Teen Sisters in Laos Beaten, Tied Up by Family for Converting to Christianity



Two teenage sisters in Laos who converted from animism to Christianity have shared how their loved ones beat them, tied them up, locked them out of the home, and left them there for four days -- however, their faith continues to be unshaken.

17-year-old Nani and 16-year-old Nha Phong converted to Christianity in autumn 2016 after listening to the truth of the gospel from a relative.

"My cousin told me about the Good News," Nani told persecution watchdog Open Doors. "He is a pastor in a church based in a village near ours. I liked what I heard really, and for this reason, I became a believer."

The sisters before long became involved with their local church -- nevertheless, their newfound faith didn't come without repercussions. The girls' parents and extended family members, devout animists, strongly opposed their decision for being followers of Jesus.

"When we went to church one time, our family became very angry at us. They told us never to go. My cousin and nephew said It was necessary to return to my old religion, and if I failed to they will hit me and force me out from the church," said Nani.

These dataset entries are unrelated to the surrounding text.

(* Let $n\geq 5$. Every optimal anticode of diameter $2$ in $S_n$ with respect to the Kendall's $\tau$-distance is a sphere of radius $1$, i.e., a set of the form $\{\pi\in S_n : d_K(\sigma,\pi)\leq 1\}$ for some $\sigma\in S_n$; its size is $n$.
   Context: $S_n$ denotes the set of all permutations of $[n]=\{1,\dots,n\}$, written $\sigma=[\sigma(1),\dots,\sigma(n)]$. An adjacent transposition applied to $\sigma$ exchanges the entries in positions $i$ and $i+1$ for some $1\leq i\leq n-1$. The Kendall's $\tau$-distance $d_K(\sigma,\pi)$ is the minimum number of adjacent transpositions needed to transform $\sigma$ into $\pi$. An anticode of diameter $D$ is a subset $\mathcal{A}\subseteq S_n$ with $d_K(x,y)\leq D$ for all $x,y\in\mathcal{A}$; it is optimal if it has the largest possible size among all anticodes of diameter $D$ in $S_n$. *)

From mathcomp Require Import all_boot all_order all_fingroup.
Set Implicit Arguments. Unset Strict Implicit. Unset Printing Implicit Defensive.

(* Permutations of [n] are modelled as 'S_n = {perm 'I_n} (positions and
   values 0..n-1).  An adjacent transposition at positions (a, a+1) turns
   sigma into  tperm a b * sigma  (with val b = (val a).+1), whose value at
   position k is sigma (tperm a b k), i.e. the entries at positions a and a+1
   are exchanged. *)

Definition apply_adj n (l : seq ('I_n * 'I_n)) (s : 'S_n) : 'S_n :=
  foldr (fun p q => (tperm p.1 p.2 * q)%g) s l.

Definition adjacent_pairs n (l : seq ('I_n * 'I_n)) : bool :=
  all (fun p => val p.2 == (val p.1).+1) l.

Definition dK_le n (k : nat) (s t : 'S_n) : Prop :=
  exists l : seq ('I_n * 'I_n),
    [/\ size l <= k, adjacent_pairs l & t = apply_adj l s].

Definition is_anticode n (D : nat) (A : {set 'S_n}) : Prop :=
  forall x y, x \in A -> y \in A -> dK_le D x y.
Lemma projected_modes_jacobi k v w1 w2 (m n : int) (p : C) : Vg 0 v ->
  series_eq
    (fun i => gbinom m i *: I k (Y v (n + i%:Z) w1) (m%:~R + p - i%:R) w2)
    (fun i => ((-1) ^+ i * gbinom n i) *:
       (Y v (m + n - i%:Z) (I k w1 (p + i%:R) w2)
        - ((-1 : C) ^ n) *: I k w1 (n%:~R + p - i%:R) (Y v (m + i%:Z) w2))).
Proof.
move=> v_0; rewrite /I; have [[q ->]|p_nonint] := pselect (isint p).
  have := series_eq_map (gprojD HG k) (gproj0 HG k) (Y_jacobi HX v w1 w2 m n q).
  apply: series_eq_ext => i.
    by rewrite pmulrn -intrD -intrB int_modeE (XY_0 v_0) gprojZ.
  rewrite pmulrn -!intrD -!intrB !int_modeE gprojZ gprojB gprojZ !(XY_0 v_0).
  by rewrite !(gproj_Yl0 HG HY).
have nonint_shift (z : int) q : q - p = z%:~R -> ~ isint q.
  by move=> qp; apply: isint_shift p_nonint _; exists z.
apply: series_eq0 => i.
  rewrite int_mode_nonint ?gproj0 ?scaler0 //; apply: (nonint_shift (m - i%:Z)).
  by rewrite intrB pmulrn; ring.
rewrite !int_mode_nonint ?gproj0 ?(Y0r HY) ?scaler0 ?subr0 ?scaler0 //.
  by apply: (nonint_shift (n - i%:Z)); rewrite intrB pmulrn; ring.
by apply: (nonint_shift i); rewrite pmulrn; ring.
Qed.

Lemma projected_modes_Lm1 k w1 p w2 :
  Y omega 0 (I k w1 p w2) - I k w1 p (Y omega 0 w2) = - p *: I k w1 (p - 1) w2.
Proof.
have om_0 := graded_omega HG; rewrite /I; have [[q ->]|p_nonint] := pselect (isint p).
  rewrite -(intrB _ q 1) !int_modeE -(gproj_Yl0 HG HY) // -gprojB -gprojZ.
  by rewrite -!(XY_0 om_0) -(Y_comm0 HX) (Y_Lm1 HX).
rewrite !int_mode_nonint ?gproj0 ?(Y0r HY) ?subr0 ?scaler0 //.
by apply: isint_shift p_nonint _; exists (-1); rewrite addrAC subrr add0r.
Qed.

Lemma projected_modes_intertwining g h k :
  is_intertwining Y omega (Vg 0) (Vg g) (Vg h) (Vg k) (I k).
Proof.
split; [|split; [|split; [|split; [|split]]]].
- move=> a w1 w1' p w2 _ _ _; rewrite /I; have [[q ->]|p_nonint] := pselect (isint p).
    by rewrite !int_modeE (Y_linear_l HX) gproj_lin.
  by rewrite !int_mode_nonint // !gproj0 scaler0 addr0.
- move=> a w1 p w2 w2' _ _ _; rewrite /I; have [[q ->]|p_nonint] := pselect (isint p).
    by rewrite !int_modeE (Y_linear_r HX) gproj_lin.
  by rewrite !int_mode_nonint // !gproj0 scaler0 addr0.
- by move=> *; apply: gproj_in.
- move=> w1 p w2 _ _; rewrite /I; have [[q ->]|p_nonint] := pselect (isint p).
    have [N Xw0] := Y_trunc HX w1 w2; exists `|N - q|%N => i le_i.
    by rewrite pmulrn -intrD int_modeE Xw0 ?gproj0 //; lia.
  exists 0%N => i _; rewrite int_mode_nonint ?gproj0 //.
  by apply: isint_shift p_nonint _; exists i; rewrite addrAC subrr add0r pmulrn.
- by move=> *; apply: projected_modes_Lm1.
by move=> v w1 w2 m n p v_0 _ _; apply: projected_modes_jacobi.
Qed.

End ProjectedModes.

Section FusionRules.
Variables (V : lmodType C) (Y : V -> int -> V -> V) (omega : V).
Variables (U W1 W2 W3 : V -> Prop).
Let intw := is_intertwining Y omega U W1 W2 W3.

Lemma fusion_rule0_vanish I : fusion_rule Y omega U W1 W2 W3 0 -> intw I ->
  forall w1 p w2, W1 w1 -> W2 w2 -> I w1 p w2 = 0.
Proof.
by case=> B [_ [_ span]] /span[a Ia] w1 p w2 W1w1 W2w2; rewrite Ia // big_ord0.
Qed.

Lemma fusion_rule1_proportional I J w1 p w2 :
  fusion_rule Y omega U W1 W2 W3 1 -> intw I -> intw J ->
  W1 w1 -> W2 w2 -> I w1 p w2 != 0 ->
  exists a, forall w1 p w2, W1 w1 -> W2 w2 -> J w1 p w2 = a *: I w1 p w2.
Proof.
case=> B [_ [_ span]] /span[a Ia] /span[b Jb] W1w1 W2w2 I_neq0.
have a_neq0 : a ord0 != 0.
  by apply: contraNneq I_neq0 => a0; rewrite Ia // big_ord1 a0 scale0r.
exists (b ord0 / a ord0) => w1' p' w2' W1w1' W2w2'.
by rewrite Ia // Jb // !big_ord1 scalerA mulfVK.
Qed.

End FusionRules.

Section CocycleSplitting.
Variables (G : zmodType) (c : G -> G -> C).
Hypotheses (c_neq0 : forall g h, c g h != 0) (c0 : forall g, c g 0 = 1).
Hypothesis cC : forall g h, c g h = c h g.
Hypothesis c_cocycle : forall g h l, c g h * c (g + h) l = c h l * c g (h + l).

(* The extension of [G] by [C^x] with cocycle [c], abelian since [c] is
   symmetric.  A homomorphic section [g |-> (g, phi g)] of [cpr] is exactly a
   solution of [phi (g + h) = c g h * phi g * phi h]. *)
Definition cext := {p : G * C | p.2 != 0}.
HB.instance Definition _ := SubChoice.copy cext {p : G * C | p.2 != 0}.

Definition cext_add (x y : cext) : cext :=
  exist _ ((val x).1 + (val y).1, (val x).2 * (val y).2 * c (val x).1 (val y).1)
    (mulf_neq0 (mulf_neq0 (valP x) (valP y)) (c_neq0 _ _)).
Definition cext_zero : cext := exist _ (0, 1) (oner_neq0 C).
Definition cext_opp (x : cext) : cext :=
  exist _ (- (val x).1, ((val x).2 * c (val x).1 (- (val x).1))^-1)
    (invr_neq0 (mulf_neq0 (valP x) (c_neq0 _ _))).

Lemma cext_addA : associative cext_add.
Proof.
move=> [[x1 x2] ?] [[y1 y2] ?] [[z1 z2] ?]; apply: val_inj => /=.
congr pair; first by rewrite addrA.
by rewrite -!mulrA [c x1 y1 * _]mulrCA c_cocycle; congr (_ * _); ring.
Qed.

Lemma cext_addC : commutative cext_add.
Proof.
move=> [[x1 x2] ?] [[y1 y2] ?]; apply: val_inj => /=.
by congr pair; [rewrite addrC | rewrite cC mulrAC mulrC mulrA].
Qed.

Lemma cext_add0 : left_id cext_zero cext_add.
Proof.
move=> [[x1 x2] ?]; apply: val_inj => /=.
by congr pair; [rewrite add0r | rewrite cC c0 mul1r mulr1].
Qed.

Lemma cext_addN : left_inverse cext_zero cext_opp cext_add.
Proof.
move=> [[x1 x2] x2_neq0]; apply: val_inj => /=.
congr pair; first by rewrite addNr.
by rewrite (cC (- x1)) -mulrA mulVf // mulf_neq0.
Qed.

HB.instance Definition _ :=
  GRing.isZmodule.Build cext cext_addA cext_addC cext_add0 cext_addN.

Definition cpr (x : cext) : G := (val x).1.
Definition csc (x : cext) : C := (val x).2.

Lemma cprD x y : cpr (x + y) = cpr x + cpr y.
Proof. by []. Qed.

Lemma cprN x : cpr (- x) = - cpr x.
Proof. by []. Qed.

Lemma cprMz x j : cpr (x *~ j) = cpr x *~ j.
Proof.
have cprMn n : cpr (x *+ n) = cpr x *+ n.
  by elim: n => [|n IHn]; rewrite ?mulrS ?cprD ?IHn.
by case: j => n; rewrite ?NegzE ?mulrNz ?cprN cprMn.
Qed.

Lemma csc_neq0 x : csc x != 0.
Proof. exact: valP x. Qed.

Lemma cscD x y : csc (x + y) = csc x * csc y * c (cpr x) (cpr y).
Proof. by []. Qed.

Lemma cext_eq x y : cpr x = cpr y -> csc x = csc y -> x = y.
Proof.
move: x y => [[x1 x2] ?] [[y1 y2] ?] eq1 eq2; apply: val_inj => /=.
by rewrite /cpr /csc /= in eq1 eq2; rewrite eq1 eq2.
Qed.

Definition cinj (a : C) : cext := insubd (0 : cext) (0, a).
Definition clift (g : G) : cext := insubd (0 : cext) (g, 1).

Lemma cpr_cinj a : cpr (cinj a) = 0.
Proof. by rewrite /cpr /cinj val_insubd; case: ifP. Qed.

Lemma csc_cinj a : a != 0 -> csc (cinj a) = a.
Proof. by move=> a_neq0; rewrite /csc /cinj val_insubd /= a_neq0. Qed.
(* Fix integers $1\le j<k$ and constants $0<\delta<1/6$ and $c>0$. Let $\varepsilon=\varepsilon(n)$ satisfy $\varepsilon\to0$, $\varepsilon^3n^j\to\infty$, $\varepsilon^2n^{1-2\delta}\to\infty$, let $p=(1+\varepsilon)p_0$ with $p_0=\frac{1}{(\binom{k}{j}-1)\binom{n}{k-j}}$, and let $\varepsilon_*=\varepsilon_*(n)$ satisfy $n^{-1/2+\delta}\ll\varepsilon_*\ll\varepsilon$. Let $\mathcal{T}_*$ be the Galton–Watson branching process starting from one individual in which each individual independently has $\left(\binom{k}{j}-1\right)\cdot Z$ children, where $Z\sim\mathrm{Bi}\!\left((1-\varepsilon_* )\binom{n}{k-j},p\right)$. Let $x:=(j-1+\delta+c)\varepsilon^{-1}\log n$ and let $|\mathcal{T}_*(x)|$ be the size of generation $x$ of $\mathcal{T}_*$. Then, for $n$ sufficiently large, $\Pr\big(|\mathcal{T}_*(x)|\ge n^{j-1+\delta}\big)\ge\varepsilon/n^{c}$.
   Context: Floors and ceilings are omitted where irrelevant (e.g. $x$ and $(1-\varepsilon_* )\binom{n}{k-j}$ are rounded to integers). The notation $a\cdot Z$ means the random variable taking value $ai$ with probability $\Pr(Z=i)$. *)

From Stdlib Require Import Reals Lra ZArith.
From Coquelicot Require Import Coquelicot.
Open Scope R_scope.

Fixpoint binom (n k : nat) : nat :=
  match n, k with
  | _, O => 1%nat
  | O, S _ => 0%nat
  | S n', S k' => (binom n' k' + binom n' (S k'))%nat
  end.

Definition binom_pmf (N : nat) (p : R) (i : nat) : R :=
  INR (binom N i) * p ^ i * (1 - p) ^ (N - i).

Definition offspring_pmf (a N : nat) (p : R) (i : nat) : R :=
  sum_f_R0 (fun z => if Nat.eqb (a * z) i then binom_pmf N p z else 0) N.

Definition conv (f g : nat -> R) (n : nat) : R :=
  sum_f_R0 (fun i => f i * g (n - i)%nat) n.

Fixpoint convpow (f : nat -> R) (m : nat) : nat -> R :=
  match m with
  | O => fun n => if Nat.eqb n 0 then 1 else 0
  | S m' => conv f (convpow f m')
  end.

(* Since each
   individual has at most a*N children, generation t has at most (a*N)^t
   individuals, so the sum over the previous generation size is exact. *)
Fixpoint gw_gen (a N : nat) (p : R) (t : nat) : nat -> R :=
  match t with
  | O => fun n => if Nat.eqb n 1 then 1 else 0
  | S t' => fun n =>
      sum_f_R0 (fun m => gw_gen a N p t' m * convpow (offspring_pmf a N p) m n)
               ((a * N) ^ t')
  end.

Definition gw_tail (a N : nat) (p : R) (t : nat) (y : R) : R :=
  sum_f_R0 (fun i => if Rle_dec y (INR i) then gw_gen a N p t i else 0)
           ((a * N) ^ t).

From Stdlib Require Import Reals Lra Lia ZArith.
From Coquelicot Require Import Coquelicot.
Open Scope R_scope.

(* Paley-Zygmund applied to generation [x]. With [th := c / (4 (j - 1 + delta + c))], for
   large [n] the offspring mean [A = a N p] lies in [[1 + (1 - th) eps, 1 + eps]]; generation
   [x] has mean [A^x] and second moment at most [A^(2x) (1 + a / (A - 1))], so it reaches
   [A^x / 2] with probability at least [(A - 1) / (4 (A - 1 + a)) >= eps / (8 (1 + a))].
   Since [ln A >= (1 - 2 th) eps], after [x ~ (j - 1 + delta + c) ln n / eps] generations
   [A^x >= 2 n^(j-1+delta)], while [8 (1 + a) <= n^c]. *)

Lemma sum_f_R0_supported (f : nat -> R) K K' :
  (forall i, (K < i)%nat -> f i = 0) -> (K <= K')%nat -> sum_f_R0 f K' = sum_f_R0 f K.
Proof.
  intros Hf HK; induction HK as [|K' HK IH]; [reflexivity|].
  simpl; rewrite IH, (Hf (S K')) by lia; ring.
Qed.

Lemma sum_f_R0_scal_l c (f : nat -> R) n :
  sum_f_R0 (fun i => c * f i) n = c * sum_f_R0 f n.
Proof. rewrite scal_sum; apply sum_eq; intros; ring. Qed.

Lemma sum_f_R0_comm (F : nat -> nat -> R) n m :
  sum_f_R0 (fun i => sum_f_R0 (fun l => F i l) m) n =
  sum_f_R0 (fun l => sum_f_R0 (fun i => F i l) n) m.
Proof.
  induction n as [|n IH]; simpl; [reflexivity|].
  rewrite IH, <- plus_sum; reflexivity.
Qed.

Lemma sum_f_R0_triangle (F : nat -> nat -> R) K :
  sum_f_R0 (fun n => sum_f_R0 (fun i => F i (n - i)%nat) n) K =
  sum_f_R0 (fun i => sum_f_R0 (fun l => F i l) (K - i)) K.
Proof.
  induction K as [|K IH]; [reflexivity|].
  rewrite tech5, IH.
  rewrite (tech5 (fun i => sum_f_R0 (fun l => F i l) (S K - i)) K).
  rewrite (tech5 (fun i => F i (S K - i)%nat) K), Nat.sub_diag; simpl (sum_f_R0 _ 0).
  rewrite (sum_eq (fun i => sum_f_R0 (fun l => F i l) (S K - i))
                  (fun i => sum_f_R0 (fun l => F i l) (K - i) + F i (S K - i)%nat)).
  - rewrite plus_sum; ring.
  - intros i Hi; replace (S K - i)%nat with (S (K - i)) by lia; apply tech5.
Qed.

Lemma sum_f_R0_indicator (t K : nat) (v : nat -> R) : (t <= K)%nat ->
  sum_f_R0 (fun i => if Nat.eqb t i then v i else 0) K = v t.
Proof.
  intros Ht; induction K as [|K IH].
  - replace t with 0%nat by lia; reflexivity.
  - rewrite tech5; destruct (Nat.eqb_spec t (S K)) as [->|Hne].
    + rewrite sum_eq_R0; [ring|].
      intros i Hi; destruct (Nat.eqb_spec (S K) i); [lia|reflexivity].
    + rewrite IH by lia; ring.
Qed.

Definition supported (f : nat -> R) (K : nat) : Prop := forall i, (K < i)%nat -> f i = 0.

Definition expect (f : nat -> R) (K : nat) (h : nat -> R) : R :=
  sum_f_R0 (fun i => h i * f i) K.

Lemma expect_ext f K h1 h2 : (forall i, h1 i = h2 i) -> expect f K h1 = expect f K h2.
Proof. intros H; apply sum_eq; intros; rewrite H; reflexivity. Qed.

Lemma expect_plus f K h1 h2 :
  expect f K (fun i => h1 i + h2 i) = expect f K h1 + expect f K h2.
Proof. unfold expect; rewrite <- plus_sum; apply sum_eq; intros; ring. Qed.

Lemma expect_scal f K c h : expect f K (fun i => c * h i) = c * expect f K h.
Proof. unfold expect; rewrite <- sum_f_R0_scal_l; apply sum_eq; intros; ring. Qed.

Lemma expect_const f K c : expect f K (fun _ => c) = c * expect f K (fun _ => 1).
Proof. rewrite <- expect_scal; apply expect_ext; intros; ring. Qed.

Lemma expect_conv f g Kf Kg h : supported f Kf -> supported g Kg ->
  expect (conv f g) (Kf + Kg) h =
  expect f Kf (fun i => expect g Kg (fun l => h (i + l)%nat)).
Proof.
  intros Hf Hg; set (F := fun i l => h (i + l)%nat * g l * f i).
  unfold expect, conv.
  rewrite (sum_eq _ (fun n => sum_f_R0 (fun i => F i (n - i)%nat) n)).
  2:{ intros n _; rewrite <- sum_f_R0_scal_l; apply sum_eq; intros i Hi.
      unfold F; replace (i + (n - i))%nat with n by lia; ring. }
  rewrite sum_f_R0_triangle, (sum_f_R0_supported _ Kf).
  - apply sum_eq; intros i Hi; rewrite Rmult_comm, scal_sum.
    apply sum_f_R0_supported; [|lia].
    intros l Hl; unfold F; rewrite Hg by lia; ring.
  - intros i Hi; apply sum_eq_R0; intros l _; unfold F; rewrite Hf by lia; ring.
  - lia.
Qed.

Definition mass (f : nat -> R) (K : nat) : R := expect f K (fun _ => 1).
Definition mean (f : nat -> R) (K : nat) : R := expect f K INR.
Definition moment2 (f : nat -> R) (K : nat) : R := expect f K (fun i => INR i ^ 2).

Lemma conv_supported f g Kf Kg :
  supported f Kf -> supported g Kg -> supported (conv f g) (Kf + Kg).
Proof.
  intros Hf Hg n Hn; apply sum_eq_R0; intros i Hi.
  destruct (Nat.le_gt_cases i Kf).
  - rewrite (Hg (n - i)%nat) by lia; ring.
  - rewrite Hf by lia; ring.
Qed.

Lemma conv_moments f g Kf Kg : supported f Kf -> supported g Kg ->
  mass (conv f g) (Kf + Kg) = mass f Kf * mass g Kg /\
  mean (conv f g) (Kf + Kg) = mean f Kf * mass g Kg + mass f Kf * mean g Kg /\
  moment2 (conv f g) (Kf + Kg) =
    moment2 f Kf * mass g Kg + 2 * (mean f Kf * mean g Kg) + mass f Kf * moment2 g Kg.
Proof.
  intros Hf Hg; unfold mass, mean, moment2; rewrite !expect_conv by assumption.
  split; [|split].
  - rewrite expect_const, Rmult_comm; reflexivity.
  - rewrite (expect_ext f Kf _ (fun i => expect g Kg (fun _ => 1) * INR i
                                    + expect g Kg INR * 1)).
    + rewrite expect_plus, !expect_scal; ring.
    + intros i; rewrite (expect_ext g Kg _ (fun l => INR i * 1 + INR l)).
      * rewrite expect_plus, expect_scal; ring.
      * intros l; rewrite plus_INR; ring.
  - rewrite (expect_ext f Kf _ (fun i => expect g Kg (fun _ => 1) * INR i ^ 2
                 + (2 * expect g Kg INR * INR i + expect g Kg (fun l => INR l ^ 2) * 1))).
    + rewrite !expect_plus, !expect_scal; ring.
    + intros i; rewrite (expect_ext g Kg _
                  (fun l => INR i ^ 2 * 1 + (2 * INR i * INR l + INR l ^ 2))).
      * rewrite !expect_plus, !expect_scal; ring.
      * intros l; rewrite plus_INR; ring.
Qed.

Lemma convpow_moments f K A B :
  supported f K -> mass f K = 1 -> mean f K = A -> moment2 f K = B ->
  forall m, supported (convpow f m) (m * K) /\ mass (convpow f m) (m * K) = 1 /\
    mean (convpow f m) (m * K) = INR m * A /\
    moment2 (convpow f m) (m * K) = INR m * B + INR m * (INR m - 1) * A ^ 2.
Proof.
  intros Hs H0 H1 H2 m; induction m as [|m (Ss & S0 & S1 & S2)].
  - unfold mass, mean, moment2, expect; simpl.
    repeat split; try ring.
    intros [|i] Hi; [lia|reflexivity].
  - change (S m * K)%nat with (K + m * K)%nat; simpl convpow.
    destruct (conv_moments _ _ _ _ Hs Ss) as (C0 & C1 & C2).
    rewrite C0, C1, C2, H0, H1, H2, S0, S1, S2, S_INR.
    repeat split; try ring.
    apply conv_supported; assumption.
Qed.

Lemma convpow_nonneg f : (forall i, 0 <= f i) -> forall m n, 0 <= convpow f m n.
Proof.
  intros Hf m; induction m as [|m IH]; intros n; simpl.
  - destruct (n =? 0)%nat; lra.
  - apply cond_pos_sum; intros; apply Rmult_le_pos; auto.
Qed.
Lemma O_inv_plus (f g : R -> R) :
  O_inv f -> O_inv g -> O_inv (fun x => f x + g x).
Proof.
  intros [C Hf] [C' Hg]; exists (C + C').
  generalize (filter_and _ _ Hf Hg); apply filter_imp; intros x [H1 H2].
  eapply Rle_trans; [apply Rabs_triang|].
  unfold Rdiv in *; rewrite Rmult_plus_distr_r; lra.
Qed.

Lemma O_inv_scal (c : R) (f : R -> R) :
  O_inv f -> O_inv (fun x => c * f x).
Proof.
  intros [C Hf]; exists (Rabs c * C).
  revert Hf; apply filter_imp; intros x H.
  rewrite Rabs_mult; unfold Rdiv; rewrite Rmult_assoc.
  apply Rmult_le_compat_l; [apply Rabs_pos | exact H].
Qed.

Lemma O_inv_opp (f : R -> R) : O_inv f -> O_inv (fun x => - f x).
Proof.
  intros Hf; apply O_inv_ext with (fun x => -1 * f x).
  - apply filter_forall; intros x; ring.
  - now apply O_inv_scal.
Qed.

Lemma O_inv_minus (f g : R -> R) :
  O_inv f -> O_inv g -> O_inv (fun x => f x - g x).
Proof. intros Hf Hg; now apply O_inv_plus, O_inv_opp. Qed.

Lemma O_inv_one_sub (f : R -> R) (c : R) :
  O_inv (fun x => f x - c) -> O_inv (fun x => 1 - f x - (1 - c)).
Proof.
  intros Hf; apply O_inv_ext with (fun x => - (f x - c)).
  - apply filter_forall; intros x; ring.
  - now apply O_inv_opp.
Qed.

Lemma O_inv_mult_bounded (f g : R -> R) :
  O_inv f -> bounded_at_infty g -> O_inv (fun x => f x * g x).
Proof.
  intros [C Hf] [B Hg]; exists (C * B).
  generalize (filter_and _ _ Hf Hg); apply filter_imp; intros x [H1 H2].
  rewrite Rabs_mult; replace (C * B / x) with (C / x * B) by (unfold Rdiv; ring).
  apply Rmult_le_compat; auto using Rabs_pos.
Qed.

Lemma O_inv_div_id (f : R -> R) :
  bounded_at_infty f -> O_inv (fun x => f x / x).
Proof.
  intros [B Hf]; exists B.
  generalize (filter_and _ _ Hf (at_infty_gt 0)); apply filter_imp; intros x [H Hx].
  unfold Rdiv; rewrite Rabs_mult, Rabs_inv, (Rabs_pos_eq x) by lra.
  apply Rmult_le_compat_r; [left; apply Rinv_0_lt_compat|]; lra.
Qed.

Lemma bounded_const (c : R) : bounded_at_infty (fun _ => c).
Proof. exists (Rabs c); now apply filter_forall. Qed.

Lemma bounded_plus (f g : R -> R) :
  bounded_at_infty f -> bounded_at_infty g -> bounded_at_infty (fun x => f x + g x).
Proof.
  intros [B Hf] [B' Hg]; exists (B + B').
  generalize (filter_and _ _ Hf Hg); apply filter_imp; intros x [H1 H2].
  eapply Rle_trans; [apply Rabs_triang | lra].
Qed.

Lemma O_inv_bounded (f : R -> R) : O_inv f -> bounded_at_infty f.
Proof.
  intros [C Hf]; exists (Rabs C).
  generalize (filter_and _ _ Hf (at_infty_gt 1)); apply filter_imp; intros x [H Hx].
  assert (Hy : 0 < / x) by (apply Rinv_0_lt_compat; lra).
  assert (Hxy : x * / x = 1) by (field; lra).
  pose proof (Rle_abs C); pose proof (Rabs_pos C).
  unfold Rdiv in H; nra.
Qed.

Lemma bounded_mult_id (f : R -> R) :
  O_inv f -> bounded_at_infty (fun x => x * f x).
Proof.
  intros [C Hf]; exists C.
  generalize (filter_and _ _ Hf (at_infty_gt 0)); apply filter_imp; intros x [H Hx].
  rewrite Rabs_mult, (Rabs_pos_eq x) by lra.
  replace C with (x * (C / x)) by (field; lra).
  apply Rmult_le_compat_l; lra.
Qed.

Lemma O_inv_small (f : R -> R) (eps : R) :
  0 < eps -> O_inv f -> at_infty (fun x => Rabs (f x) <= eps).
Proof.
  intros Heps [C Hf].
  generalize (filter_and _ _ Hf (at_infty_gt (Rabs C / eps + 1))); apply filter_imp.
  intros x [H Hx].
  assert (HC : Rabs C / eps * eps = Rabs C) by (field; lra).
  pose proof (Rle_abs C); pose proof (Rabs_pos C).
  assert (0 <= Rabs C / eps) by (apply Rdiv_le_0_compat; lra).
  eapply Rle_trans; [exact H|].
  apply (Rmult_le_reg_r x); [lra|]; unfold Rdiv; rewrite Rmult_assoc, Rinv_l by lra.
  nra.
Qed.

Lemma O_inv_ratio (p n d : R -> R) (a b : R) :
  b <> 0 -> at_infty (fun x => p x <> 0) ->
  O_inv (fun x => n x / p x - a) -> O_inv (fun x => d x / p x - b) ->
  O_inv (fun x => n x / d x - a / b).
Proof.
  intros Hb Hp Hn Hd.
  assert (Hb2 : 0 < Rabs b / 2) by (pose proof (Rabs_pos_lt b Hb); lra).
  assert (Hfar : at_infty (fun x => Rabs b / 2 <= Rabs (d x / p x))).
  { generalize (O_inv_small _ _ Hb2 Hd); apply filter_imp; intros x H.
    pose proof (Rabs_triang_inv b (d x / p x)); rewrite Rabs_minus_sym in H; lra. }
  apply O_inv_ext with (fun x => (b * (n x / p x - a) - a * (d x / p x - b)) * / (b * (d x / p x))).
  - generalize (filter_and _ _ Hp Hfar); apply filter_imp; intros x [Hpx Hdx].
    assert (d x <> 0) by (intros E; rewrite E, Rdiv_0_l, Rabs_R0 in Hdx; lra).
    field; auto.
  - apply O_inv_mult_bounded.
    + apply O_inv_minus; apply O_inv_scal; assumption.
    + exists (/ (Rabs b * (Rabs b / 2))).
      revert Hfar; apply filter_imp; intros x Hdx.
      rewrite Rabs_inv, Rabs_mult.
      apply Rinv_le_contravar; [nra|].
      apply Rmult_le_compat_l; [apply Rabs_pos | exact Hdx].
Qed.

That period, the cousin failed to fulfil his threat. But 3 weeks afterwards, as soon as the girls left for church, their family members - around 6 to 9 individuals - followed them secretly­ and dragged the sisters out from the worship service

"They tied us up and my dad hit my sister, but he didn't hit me. I don't know why" Nani recalled.

They took the sisters back to their village, where they were separated and kept tied up for several days.

"They took me to my uncle's house and asked over and over again: 'Do you still believe in God?' They threatened me and told me that unless I renounced my new faith, they will keep me tied up," said Nha Phong.

Finally, after four days, the sisters were released.

"Our family remained very upset over our decision to stand firm in our faith in Jesus," Nha Phong said.

Despite such persecution, the girls say their faith is stronger than ever.

"I believe our strength to stand firm is a gift from God. God gave us the passion to believe," said Nani. "There is a Bible verse in Ephesians 6. Whenever people fought in the past, they used a shield, and I want to have faith like a shield. When the evil one tries to shoot arrows at us, I will use the shield to protect me. So I have to put my faith in Jesus."

While Nani and Nha Phong's father is still opposed to his daughter's religion, his wife has shown interest in Christianity and even followed her daughters to church on occasion.

"Our mother never hit us, but our father did. He did this after the head of the village told him to. Dad listened to the authorities who did not want us to go to church," said Nani. "He didn't want my Bible in the house, so he took my Bible and hid it somewhere I couldn't find it. I found it later, so now I can read my Bible again."

"It has been really hard to not obey our father, who is the head of the family. But we want to obey Jesus more than anyone. We know that Jesus died for us, and we do not want to go back to our old religion. Even if it is difficult, we want to follow Jesus," she added.

While the girls have been able to go to church for Sunday service from time to time, they continue to face persecution.

"The head of the village told our mum that if we, her daughters, continue to go to church, they will throw us in jail. They said that we should get out of the village," said Nha Phong.

In May, authorities arrested the girls along with seven other Christians. Shortly after, the sisters were released, and they escaped to another village. Today, they live in their Christian cousins' village.

Due to the fact, Nha Phong cannot read, she's only able to hear the Word of God when she's able to come to Church.

"But I believe in my heart," she said.

Open Doors asks believers around the globe to pray that Nani and Nha's mother, father and cousins should come to trust in Jesus; that God will give the girls the strength and courage to stand firm; and that Nha should be able to learn how to read and write to ensure she can read the Word of God for herself.

Buddhists make up more than 57 percent of the population of the Communist country, according to Operation World. About 35 percent of the population adheres to indigenous religions, and only 3.4 percent of the population is Christian.

Open Doors notes that Buddhism, animistic beliefs and practices, is deeply ingrained "in the thinking and culture of society."

"Every deviation from it is unthinkable and perceived as dangerous," says the outlet. "Therefore, Christians refusing to participate in Buddhist practices are perceived as foreign and a threat to traditional culture. Witnessing to Buddhist neighbours and family can be a huge challenge, but believers here are boldly living out their faith."


Laos is ranked 24 on Open Doors’ World Watch List of countries where believers face the most persecution and have received the maximum score in the violence category.

Friday 22 December 2017

China: Christmas-related activities not permitted

Christmas banned by university’s Communists in China

Winter in Shenyang, where a university has banned students from celebrating Christmas

CHINA: A Chinese university has banned Christmas in order to help young people resist the “corrosion of Western religious culture”, reports The Telegraph.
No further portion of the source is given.